### DATASET EXCERPTS ###

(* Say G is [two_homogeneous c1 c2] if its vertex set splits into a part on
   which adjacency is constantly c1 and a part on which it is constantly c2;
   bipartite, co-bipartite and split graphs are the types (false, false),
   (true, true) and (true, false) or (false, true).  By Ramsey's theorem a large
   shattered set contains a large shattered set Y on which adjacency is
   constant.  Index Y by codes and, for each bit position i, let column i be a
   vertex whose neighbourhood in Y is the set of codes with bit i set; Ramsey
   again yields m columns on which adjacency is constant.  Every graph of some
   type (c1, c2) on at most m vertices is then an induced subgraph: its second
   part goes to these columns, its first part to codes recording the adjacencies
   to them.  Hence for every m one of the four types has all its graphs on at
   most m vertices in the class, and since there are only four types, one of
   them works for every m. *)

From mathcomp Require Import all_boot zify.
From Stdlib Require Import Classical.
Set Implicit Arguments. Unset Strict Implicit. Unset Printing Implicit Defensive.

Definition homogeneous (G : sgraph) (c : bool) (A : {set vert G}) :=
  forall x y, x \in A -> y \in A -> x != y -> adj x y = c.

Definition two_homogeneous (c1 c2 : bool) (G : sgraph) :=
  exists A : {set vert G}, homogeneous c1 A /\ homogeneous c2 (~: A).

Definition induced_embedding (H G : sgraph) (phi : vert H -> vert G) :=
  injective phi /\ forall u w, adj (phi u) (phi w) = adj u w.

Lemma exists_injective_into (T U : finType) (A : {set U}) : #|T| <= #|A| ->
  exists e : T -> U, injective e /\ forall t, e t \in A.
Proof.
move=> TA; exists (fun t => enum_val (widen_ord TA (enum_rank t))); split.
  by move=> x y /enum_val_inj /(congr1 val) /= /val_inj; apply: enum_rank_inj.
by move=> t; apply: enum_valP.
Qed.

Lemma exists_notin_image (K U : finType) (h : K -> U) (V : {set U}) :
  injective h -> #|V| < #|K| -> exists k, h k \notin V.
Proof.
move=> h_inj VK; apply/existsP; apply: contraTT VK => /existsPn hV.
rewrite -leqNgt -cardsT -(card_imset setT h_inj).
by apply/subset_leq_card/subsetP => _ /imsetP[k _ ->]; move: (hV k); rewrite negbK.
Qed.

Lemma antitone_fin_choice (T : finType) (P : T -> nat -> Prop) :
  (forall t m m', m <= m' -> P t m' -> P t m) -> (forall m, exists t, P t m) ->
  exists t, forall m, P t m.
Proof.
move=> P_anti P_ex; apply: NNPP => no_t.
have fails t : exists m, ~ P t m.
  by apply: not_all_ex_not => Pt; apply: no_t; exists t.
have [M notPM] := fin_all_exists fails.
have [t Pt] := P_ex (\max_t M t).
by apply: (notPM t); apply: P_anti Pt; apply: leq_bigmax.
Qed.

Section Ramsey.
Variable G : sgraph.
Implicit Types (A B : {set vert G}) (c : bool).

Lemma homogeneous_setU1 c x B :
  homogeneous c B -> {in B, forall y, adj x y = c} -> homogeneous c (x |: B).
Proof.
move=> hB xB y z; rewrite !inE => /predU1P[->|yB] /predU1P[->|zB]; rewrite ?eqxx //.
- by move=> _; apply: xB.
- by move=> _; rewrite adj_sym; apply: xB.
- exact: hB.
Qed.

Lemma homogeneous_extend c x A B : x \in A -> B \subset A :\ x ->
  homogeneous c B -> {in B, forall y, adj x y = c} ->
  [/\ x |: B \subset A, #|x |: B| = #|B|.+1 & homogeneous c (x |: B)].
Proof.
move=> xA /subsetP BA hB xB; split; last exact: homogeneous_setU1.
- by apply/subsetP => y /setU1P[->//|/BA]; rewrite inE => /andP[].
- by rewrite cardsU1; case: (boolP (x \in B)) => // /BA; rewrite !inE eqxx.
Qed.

###

WHAT THE EXERCISE ASKS - Write out exactly the lines that fall from the line with "have [t Pt] := P_ex (\max_t M t)." to the line with "- by move=> _; apply: xB." in the records above, keeping both ends.

RESULT OF THIS EXERCISE -
have [t Pt] := P_ex (\max_t M t).
by apply: (notPM t); apply: P_anti Pt; apply: leq_bigmax.
Qed.

Section Ramsey.
Variable G : sgraph.
Implicit Types (A B : {set vert G}) (c : bool).

Lemma homogeneous_setU1 c x B :
  homogeneous c B -> {in B, forall y, adj x y = c} -> homogeneous c (x |: B).
Proof.
move=> hB xB y z; rewrite !inE => /predU1P[->|yB] /predU1P[->|zB]; rewrite ?eqxx //.
- by move=> _; apply: xB.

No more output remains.